AMD marketshare starts to reduce again now the new CoffeLake and Skylake-X models have eliminated the small advantage that Zen had in multithread performance.

https://www.cpubenchmark.net/market_share.html



Numbers show that a minority of people are moving from Intel to AMD. Most sales for AMD products are coming from AMD people upgrading their old Phenom II and Bulldozer/Piledriver.

For next months, AMD predicts a double-digit reduction in sales/revenue for Q4.
 


This is contrary to everything I am seeing in the market. Lots of Sandy Bridge users are going to Ryzen at this point, as are lots of the i3 crowd.
 



intel fanboi much????

intel's X series is seriously overpriced, and the small sales reflect this.

"AMD people"

ill throw in a "nothing to see here" because someone else posted it.
 


Simply not true and in no way can be 100% proved eitherway as the claim is purely anecdotal. For one in the past year i heard a lot of sandy users upgrading i mean a lot of them from linustechtips forums and at overclocker.net as well as toms own forums.

Enthusiasts are however a small market so it really doesn't matter anyways.

 
In the past I analyzed Mindfactory.de sales and I demonstrated that most RyZen sales didn't come at expense of Intel sales. Only a small percentage of people moved from Intel to AMD in the Mindfactory channel. We now have worldwide data for both companies. We have data for AMD and we have data for Intel. I asked this yesterday to an analyst,

Me: "So Q3 numbers confirm the analysis of Mindfactory.de sales. Most of people purchasing AMD is people that doesn't purchase Intel. Intel Q3 numbers barely affected by AMD."

Analyst: "Correct. Pretty much zero impact"

Same thoughts confirmed by another analyst: "Intel had a good quarter too, the new AMD chips are having only minimal impact."

intel's X series is not overpriced and the sales/popularity reflect this. Intel is not reducing pricing. AMD is reducing prices. The overhyped Threadripper 1950X just got a huge price discount to $880 this week. I was just checking another kind of data on HWbot and I discovered that there is about one 1950X customer for each ten customers of the i9-7900k. I do not claim that the i9 is selling at a 10x better pace than ThreadRipper. But it is evident that the i9 is selling rather well despite all the bad press, biased reviews, and invalid claims about thermal paste and tempts of the overclocked i9.

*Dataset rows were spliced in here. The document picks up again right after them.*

(* Let $\mathcal{P}^{\uparrow}_+$ be the proper orthochronous Poincaré group on $\mathbb{R}^4$, i.e. the group of maps $x\mapsto Lx+b$ with $b\in\mathbb{R}^4$ and $L$ in the proper orthochronous Lorentz group of the form $g=\mathrm{diag}(1,1,1,-c^2)$. Then every $\mathcal{P}^{\uparrow}_+$-invariant equivalence relation on $\mathbb{R}^4$ is trivial, i.e. it is either the total relation $\mathbb{R}^4\times\mathbb{R}^4$ or the identity relation.
   Context: An equivalence relation $\sim$ is $\mathcal{P}^{\uparrow}_+$-invariant if $x\sim y$ implies $h(x)\sim h(y)$ for all $x,y\in\mathbb{R}^4$ and all $h\in\mathcal{P}^{\uparrow}_+$. *)

From mathcomp Require Import all_boot all_order all_algebra.
From mathcomp Require Import reals.
Set Implicit Arguments. Unset Strict Implicit. Unset Printing Implicit Defensive.
Import Order.TTheory GRing.Theory Num.Theory.
Local Open Scope ring_scope.

(* Coordinates of R^4 are indexed by 'I_4 = {0,1,2,3}; index 3 is time. *)
Definition time_idx : 'I_4 := ord_max.

Definition minkowski_metric (R : realType) (c : R) : 'M[R]_4 :=
  \matrix_(i, j) (if i == j then (if i == time_idx then - c ^+ 2 else 1) else 0).

Definition proper_orthochronous_lorentz (R : realType) (c : R) (L : 'M[R]_4) : Prop :=
  L^T *m minkowski_metric c *m L = minkowski_metric c /\
  \det L = 1 /\
  0 < L time_idx time_idx.

Definition poincare_act (R : realType) (L : 'M[R]_4) (b x : 'cV[R]_4) : 'cV[R]_4 :=
  L *m x + b.

Definition equiv_relation_on (T : Type) (r : T -> T -> Prop) : Prop :=
  (forall x, r x x) /\ (forall x y, r x y -> r y x) /\
  (forall x y z, r x y -> r y z -> r x z).

Definition poincare_invariant (R : realType) (c : R) (r : 'cV[R]_4 -> 'cV[R]_4 -> Prop) : Prop :=
  forall (L : 'M[R]_4) (b : 'cV[R]_4), proper_orthochronous_lorentz c L ->
    forall x y, r x y -> r (poincare_act L b x) (poincare_act L b y).

From mathcomp Require Import all_boot all_order all_algebra.
From mathcomp Require Import reals.
From mathcomp Require Import ring lra.
From Stdlib Require Import Classical.
Set Implicit Arguments. Unset Strict Implicit. Unset Printing Implicit Defensive.
Import Order.TTheory GRing.Theory Num.Theory.
Local Open Scope ring_scope.

(* An invariant equivalence relation r is determined by the set S of vectors v
   with r 0 v: translation invariance makes r x y equivalent to y - x in S, and
   S is an additive subgroup stable under the Lorentz group.  Such a subgroup
   containing some v <> 0 is everything: combining v with its images under
   rotations by pi isolates a nonzero multiple of a coordinate axis; the
   difference of the boosts by k and by k^-1 of a spatial axis vector is a time
   vector of any prescribed length (as k - k^-1 ranges over R), and boosting a
   time vector and subtracting a suitable time vector gives any spatial axis
   vector. *)

Section Coordinates.
Variable R : realType.
Implicit Types (c : R) (f g : nat -> nat -> R) (u w : nat -> R).

(* Matrices and column vectors are built from nat-indexed coefficients, so that
   entrywise identities reduce to a case analysis on four concrete indices. *)
Definition mxn f : 'M[R]_4 := \matrix_(i, j) f i j.
Definition vecn u : 'cV[R]_4 := \col_i u i.

Lemma mxn_eq f g :
  (forall i j, (i < 4)%N -> (j < 4)%N -> f i j = g i j) -> mxn f = mxn g.
Proof. by move=> fg; apply/matrixP => i j; rewrite !mxE fg. Qed.

Lemma vecn_eq u w : (forall i, (i < 4)%N -> u i = w i) -> vecn u = vecn w.
Proof. by move=> uw; apply/matrixP => i j; rewrite !mxE uw. Qed.

Lemma trmxn f : (mxn f)^T = mxn (fun i j => f j i).
Proof. by apply/matrixP => i j; rewrite !mxE. Qed.

Lemma mulmxn f g : mxn f *m mxn g = mxn (fun i j =>
  f i 0%N * g 0%N j + f i 1%N * g 1%N j + f i 2%N * g 2%N j + f i 3%N * g 3%N j).
Proof. by apply/matrixP => i j; rewrite !mxE !big_ord_recr big_ord0 /= add0r !mxE. Qed.

Lemma mulmxvn f u : mxn f *m vecn u = vecn (fun i =>
  f i 0%N * u 0%N + f i 1%N * u 1%N + f i 2%N * u 2%N + f i 3%N * u 3%N).
Proof. by apply/matrixP => i j; rewrite !mxE !big_ord_recr big_ord0 /= add0r !mxE. Qed.

Lemma addvn u w : vecn u + vecn w = vecn (fun i => u i + w i).
Proof. by apply/matrixP => i j; rewrite !mxE. Qed.

Lemma oppvn u : - vecn u = vecn (fun i => - u i).
Proof. by apply/matrixP => i j; rewrite !mxE. Qed.

Lemma vecn_surj (v : 'cV[R]_4) : exists u, v = vecn u.
Proof.
exists (fun i => v (inord i) 0); apply/matrixP => i j.
by rewrite !mxE ord1; congr (v _ _); apply/val_inj; rewrite /= inordK.
Qed.

Definition axisv (j : nat) (a : R) : 'cV[R]_4 :=
  vecn (fun i => if i == j then a else 0).

Lemma vecn_axis_sum u : vecn u =
  axisv 0 (u 0%N) + axisv 1 (u 1%N) + axisv 2 (u 2%N) + axisv 3 (u 3%N).
Proof. by rewrite /axisv !addvn; apply: vecn_eq => -[|[|[|[|?]]]] // _ /=; ring. Qed.

Lemma vecn_neq0 u : vecn u != 0 -> exists2 i, (i < 4)%N & u i != 0.
Proof.
move=> u0; have /existsP[i ui0] : [exists i : 'I_4, u i != 0].
  apply: contraR u0 => /existsPn u0; apply/eqP/matrixP => i j.
  by rewrite !mxE; apply/eqP/negPn/u0.
by exists i.
Qed.

Definition minkowski_coef (c : R) (i j : nat) : R :=
  if i == j then (if i == 3%N then - c ^+ 2 else 1) else 0.

Lemma minkowski_metricE c : minkowski_metric c = mxn (minkowski_coef c).
Proof.
by apply/matrixP => -[[|[|[|[|?]]]] ?] -[[|[|[|[|?]]]] ?]; rewrite !mxE.
Qed.

Lemma det_mxn_diag f : (forall i j, i != j -> f i j = 0) ->
  \det (mxn f) = f 0%N 0%N * f 1%N 1%N * f 2%N 2%N * f 3%N 3%N.
Proof.
move=> f_diag; rewrite det_trig; last first.
  by apply/is_trig_mxP => i j ltij; rewrite mxE f_diag // ltn_eqF.
by rewrite !big_ord_recr big_ord0 /= mul1r !mxE.
Qed.

Lemma det_minkowski_metric_neq0 c : c != 0 -> \det (minkowski_metric c) != 0.
Proof.
move=> c0; rewrite minkowski_metricE det_mxn_diag; last first.
  by move=> i j; rewrite /minkowski_coef => /negbTE ->.
by rewrite /minkowski_coef /= !mul1r oppr_eq0 expf_neq0.
Qed.

Lemma det_lorentz_sqr c (L : 'M[R]_4) : c != 0 ->
  L^T *m minkowski_metric c *m L = minkowski_metric c -> \det L ^+ 2 = 1.
Proof.
move=> c0 /(congr1 determinant); rewrite !det_mulmx det_tr.
rewrite mulrAC -expr2 -[RHS]mul1r => /mulIf; apply.
exact: det_minkowski_metric_neq0.
Qed.

End Coordinates.

Section LorentzElements.
Variable R : realType.
Implicit Types (c k l : R) (a : nat).

Definition spatial_flip (s0 s1 s2 : R) (i j : nat) : R :=
  if i == j then nth 1 [:: s0; s1; s2] i else 0.

Lemma spatial_flip_lorentz c (s0 s1 s2 : R) :
  s0 ^+ 2 = 1 -> s1 ^+ 2 = 1 -> s2 ^+ 2 = 1 -> s0 * s1 * s2 = 1 ->
  proper_orthochronous_lorentz c (mxn (spatial_flip s0 s1 s2)).
Proof.
move=> s0E s1E s2E detE; split; [|split].
- rewrite minkowski_metricE trmxn !mulmxn; apply: mxn_eq.
  move=> [|[|[|[|?]]]] [|[|[|[|?]]]] // _ _.
  rewrite /spatial_flip /minkowski_coef /=.
  all: rewrite ?(mul0r, mulr0, addr0, add0r, mulr1, mul1r) -?expr2 //.
- by rewrite det_mxn_diag /spatial_flip ?mulr1 // => i j /negbTE ->.
- by rewrite mxE /spatial_flip /= ltr01.
Qed.

Lemma exists_sub_inv (mu : R) : exists2 k : R, 0 < k & k - k^-1 = mu.
Proof.
set s := Num.sqrt (mu ^+ 2 + 4).
have s_ge0 : 0 <= s := sqrtr_ge0 _.
have sE : s ^+ 2 = mu ^+ 2 + 4 by rewrite sqr_sqrtr // addr_ge0 // sqr_ge0.
have k_gt0 : 0 < (mu + s) / 2 by apply: divr_gt0 => //; nra.
exists ((mu + s) / 2) => //.
apply: (mulIf (lt0r_neq0 k_gt0)); rewrite mulrBl mulVf ?lt0r_neq0 //.
by rewrite -expr2 expr_div_n sqrrD sE; field.
Qed.

(* The boost of parameter k = exp(rapidity) along the spatial axis a; its
   hyperbolic cosine and sine are (k + k^-1)/2 and (k - k^-1)/2. *)
Definition boost a c k (i j : nat) : R :=
  if i == j then (if (i == a) || (i == 3)%N then (k + k^-1) / 2 else 1)
  else if (i == a) && (j == 3)%N then c * (k - k^-1) / 2
  else if (i == 3)%N && (j == a) then (k - k^-1) / (2 * c) else 0.

Lemma boost_isometry a c k : (a < 3)%N -> c != 0 -> k != 0 ->
  (mxn (boost a c k))^T *m minkowski_metric c *m mxn (boost a c k) =
  minkowski_metric c.
Proof.
move=> lta3 c0 k0; rewrite minkowski_metricE trmxn !mulmxn; apply: mxn_eq.
case: a lta3 => [|[|[|?]]] // _ [|[|[|[|?]]]] [|[|[|[|?]]]] // _ _.
all: rewrite /boost /minkowski_coef /=; field; by rewrite ?c0 ?k0.
Qed.

Lemma boost_mul a c k l : (a < 3)%N -> c != 0 -> k != 0 -> l != 0 ->
  mxn (boost a c k) *m mxn (boost a c l) = mxn (boost a c (k * l)).
Proof.
move=> lta3 c0 k0 l0; rewrite mulmxn; apply: mxn_eq.
case: a lta3 => [|[|[|?]]] // _ [|[|[|[|?]]]] [|[|[|[|?]]]] // _ _.
all: rewrite /boost /= ?invfM; field; by rewrite ?c0 ?k0 ?l0.
Qed.

(* Every boost is the square of a boost, so its determinant, a square root
   of 1, is nonnegative. *)
Lemma boost_lorentz a c k : (a < 3)%N -> 0 < c -> 0 < k ->
  proper_orthochronous_lorentz c (mxn (boost a c k)).
Proof.
move=> lta3 c_gt0 k_gt0; have c0 := lt0r_neq0 c_gt0.
split; [|split]; first exact: boost_isometry lta3 c0 (lt0r_neq0 k_gt0).
- have m_gt0 : 0 < Num.sqrt k by rewrite sqrtr_gt0.
  have m0 := lt0r_neq0 m_gt0.
  have /eqP := det_lorentz_sqr c0 (boost_isometry lta3 c0 m0).
  rewrite sqrf_eq1 => /orP[/eqP d1 | /eqP dN1].
  + by rewrite -[k]sqr_sqrtr ?ltW // expr2 -boost_mul // det_mulmx d1 mulr1.
  + by rewrite -[k]sqr_sqrtr ?ltW // expr2 -boost_mul // det_mulmx dN1 mulrNN mulr1.
- rewrite mxE /boost /=; case: a lta3 => [|[|[|?]]] // _.
  all: by rewrite divr_gt0 // addr_gt0 ?invr_gt0.
Qed.

End LorentzElements.

Section InvariantSubgroup.
Variables (R : realType) (c : R) (S : 'cV[R]_4 -> Prop).
Hypothesis c_gt0 : 0 < c.
Hypothesis S_add : forall u v, S u -> S v -> S (u + v).
Hypothesis S_opp : forall u, S u -> S (- u).
Hypothesis S_lorentz :
  forall L u, proper_orthochronous_lorentz c L -> S u -> S (L *m u).

Let c0 : c != 0 := lt0r_neq0 c_gt0.

Let S_sub u v : S u -> S v -> S (u - v).
Proof. by move=> Su Sv; apply: S_add (S_opp Sv). Qed.

Let S_flip s0 s1 s2 u : s0 ^+ 2 = 1 -> s1 ^+ 2 = 1 -> s2 ^+ 2 = 1 ->
  s0 * s1 * s2 = 1 -> S u -> S (mxn (spatial_flip s0 s1 s2) *m u).
Proof. by move=> *; apply: S_lorentz => //; apply: spatial_flip_lorentz. Qed.

Let S_boost a (k : R) u :
  (a < 3)%N -> 0 < k -> S u -> S (mxn (boost a c k) *m u).
Proof. by move=> lta3 k_gt0; apply: S_lorentz; apply: boost_lorentz. Qed.

Let F01 : 'M[R]_4 := mxn (spatial_flip (-1) (-1) 1).
Let F02 : 'M[R]_4 := mxn (spatial_flip (-1) 1 (-1)).
Let F12 : 'M[R]_4 := mxn (spatial_flip 1 (-1) (-1)).

Let S_F01 u : S u -> S (F01 *m u).
Proof. by move=> Su; apply: S_flip Su; ring. Qed.
Let S_F02 u : S u -> S (F02 *m u).
Proof. by move=> Su; apply: S_flip Su; ring. Qed.
Let S_F12 u : S u -> S (F12 *m u).
Proof. by move=> Su; apply: S_flip Su; ring. Qed.

Ltac vecn_field :=
  rewrite /axisv /F01 /F02 /F12 ?(mulmxvn, oppvn, addvn);
  apply: vecn_eq => -[|[|[|[|?]]]] // _; rewrite /spatial_flip /boost /= ?invrK;
  field; rewrite ?c0 //.

Lemma invariant_subgroup_axis (u : nat -> R) i : (i < 4)%N -> S (vecn u) ->
  S (axisv i (4 * u i)).
Proof.
move=> lti4 Su; case: i lti4 => [|[|[|[|?]]]] // _.
- have Sw := S_add Su (S_F12 Su).
  suff -> : axisv 0 (4 * u 0%N) =
      vecn u + F12 *m vecn u - F01 *m (vecn u + F12 *m vecn u).
    exact: S_sub Sw (S_F01 Sw).
  vecn_field.
- have Sw := S_add Su (S_F02 Su).
  suff -> : axisv 1 (4 * u 1%N) =
      vecn u + F02 *m vecn u - F01 *m (vecn u + F02 *m vecn u).
    exact: S_sub Sw (S_F01 Sw).
  vecn_field.
- have Sw := S_add Su (S_F01 Su).
  suff -> : axisv 2 (4 * u 2%N) =
      vecn u + F01 *m vecn u - F02 *m (vecn u + F01 *m vecn u).
    exact: S_sub Sw (S_F02 Sw).
  vecn_field.
- have Sw := S_add Su (S_F12 Su).
  suff -> : axisv 3 (4 * u 3%N) =
      vecn u + F12 *m vecn u + F01 *m (vecn u + F12 *m vecn u).
    exact: S_add Sw (S_F01 Sw).
  vecn_field.
Qed.

Lemma invariant_subgroup_time_axis j a l : (j < 3)%N -> a != 0 ->
  S (axisv j a) -> S (axisv 3 l).
Proof.
move=> ltj3 a0 Sa; have [k k_gt0 kE] := exists_sub_inv (l * c / a).
have kV_gt0 : 0 < k^-1 by rewrite invr_gt0.
suff -> : axisv 3 l =
    mxn (boost j c k) *m axisv j a - mxn (boost j c k^-1) *m axisv j a.
  exact: S_sub (S_boost ltj3 k_gt0 Sa) (S_boost ltj3 kV_gt0 Sa).
have -> : l = (k - k^-1) * a / c by rewrite kE; field; rewrite a0 c0.
case: j ltj3 {Sa} => [|[|[|?]]] // _; vecn_field; by rewrite lt0r_neq0.
Qed.

Lemma invariant_subgroup_space_axis a : a != 0 -> S (axisv 3 a) ->
  S (axisv 0 (3 / 2 * c * a)).
Proof.
move=> a0 Sa; have Sw := S_boost (a := 0) isT (ltr0Sn R 1) Sa.
suff -> : axisv 0 (3 / 2 * c * a) =
  mxn (boost 0 c 2) *m axisv 3 a - F01 *m (mxn (boost 0 c 2) *m axisv 3 a).
  exact: S_sub Sw (S_F01 Sw).
vecn_field.
Qed.

Lemma invariant_subgroup_space_axes j mu : (j < 3)%N ->
  (forall l, S (axisv 3 l)) -> S (axisv j mu).
Proof.
move=> ltj3 Stime; set l := 4 / 3 * mu / c.
suff -> : axisv j mu = mxn (boost j c 2) *m axisv 3 l - axisv 3 (5 / 4 * l).
  exact: S_sub (S_boost ltj3 (ltr0Sn R 1) (Stime l)) (Stime _).
rewrite /l; case: j ltj3 => [|[|[|?]]] // _; vecn_field.
Qed.

Lemma invariant_subgroup_full v w : S v -> v != 0 -> S w.
Proof.
have [u ->] := vecn_surj v; move=> Sv /vecn_neq0[i lti4 ui0].
have ui4_0 : 4 * u i != 0 by rewrite mulf_neq0 ?pnatr_eq0.
have Stime l : S (axisv 3 l).
  move: lti4 ui4_0 (invariant_subgroup_axis lti4 Sv).
  case: i {ui0} => [|[|[|[|?]]]] // _; try exact: invariant_subgroup_time_axis.
  move=> ui4_0 /(invariant_subgroup_space_axis ui4_0).
  apply: (invariant_subgroup_time_axis (j := 0)) => //.
  by rewrite mulf_neq0 // mulf_neq0 // mulf_neq0 ?invr_eq0 ?pnatr_eq0.
have [u' ->] := vecn_surj w; rewrite vecn_axis_sum.
apply: S_add (Stime _); apply: S_add; first apply: S_add.
all: exact: invariant_subgroup_space_axes.
Qed.

End InvariantSubgroup.

Lemma proper_orthochronous_lorentz1 (R : realType) (c : R) :
  proper_orthochronous_lorentz c 1.
Proof. by split; rewrite ?trmx1 ?mulmx1 ?mul1mx ?det1 ?mxE ?eqxx ?ltr01. Qed.

Section InvariantRelation.
Variables (R : realType) (c : R) (r : 'cV[R]_4 -> 'cV[R]_4 -> Prop).
Hypotheses (r_equiv : equiv_relation_on r) (r_inv : poincare_invariant c r).

Lemma invariant_rel_translate x y b : r x y -> r (x + b) (y + b).
Proof.
by move=> /(r_inv b (proper_orthochronous_lorentz1 c)); rewrite /poincare_act !mul1mx.
Qed.

Lemma invariant_rel0_lorentz L u :
  proper_orthochronous_lorentz c L -> r 0 u -> r 0 (L *m u).
Proof.
by move=> L_lorentz /(r_inv 0 L_lorentz); rewrite /poincare_act mulmx0 !addr0.
Qed.

Lemma invariant_relE x y : r x y <-> r 0 (y - x).
Proof.
split=> [/(invariant_rel_translate (- x)) | /(invariant_rel_translate x)].
  by rewrite addrN.
by rewrite add0r subrK.
Qed.

Lemma invariant_rel0D u v : r 0 u -> r 0 v -> r 0 (u + v).
Proof.
have [_ [_ r_trans]] := r_equiv.
move=> ru /(invariant_rel_translate u); rewrite add0r addrC; exact: r_trans.
Qed.

Lemma invariant_rel0N u : r 0 u -> r 0 (- u).
Proof.
have [_ [r_sym _]] := r_equiv.
by move=> /(invariant_rel_translate (- u)); rewrite add0r addrN => /r_sym.
Qed.

End InvariantRelation.

Theorem corollary3p9 (R : realType) (c : R) (hc : 0 < c)
  (r : 'cV[R]_4 -> 'cV[R]_4 -> Prop) :
  equiv_relation_on r -> poincare_invariant c r ->
  (forall x y, r x y) \/ (forall x y, r x y <-> x = y).
Proof.
move=> r_equiv r_inv; have r0_full := invariant_subgroup_full hc
  (invariant_rel0D r_equiv r_inv) (invariant_rel0N r_equiv r_inv)
  (invariant_rel0_lorentz r_inv).
case: (classic (exists2 v, r 0 v & v != 0)) => [[v rv v0] | no_v]; [left | right].
  by move=> x y; apply/(invariant_relE r_inv); apply: r0_full rv v0.
move=> x y; split=> [/(invariant_relE r_inv) ryx | ->]; last exact: r_equiv.1.
have [/eqP | yx0] := eqVneq (y - x) 0; first by rewrite subr_eq0 => /eqP ->.
by case: no_v; exists (y - x).
Qed.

Enthusiasts is, indeed, a small market. But the same trend is observed at cheaper price points. I just checked Amazon data. Among the top ten best-selling CPUs only two are RyZen models. R5 1600 in #3 and R7 1700 in #8. And despite supply problems CoffeLake i7/i5 are already in positions #2 and #4 of the list. The #1 in top sales continues being the old Kabylake 7700k.
 
https://hothardware.com/news/amd-epyc-2-64-cores-128-threads-and-256mb-l3-cache

It seems my prediction of 6-core CCX for Zen2 has been just refuted. Either AMD goes for 8-core CCX modules or will maintain the same 4-core configuration and will add four CCX modules per die.

The quadrupling of L3 cache could help to mitigate the latency problems when accessing main RAM, but in the other hand, this seems to imply that Zen2 core size will be similar to Zen.
 
x-series is overpriced (my opinion based on data)
price/performance graphs easily show this.

but sales is sales. value adding marketing can convince people regardless. and who am i to determine intel's pricing structure? no-one.
intel is a juggernaut, market leaders, but this is a trite comment. both AMD and Intel have influenced each other through the years.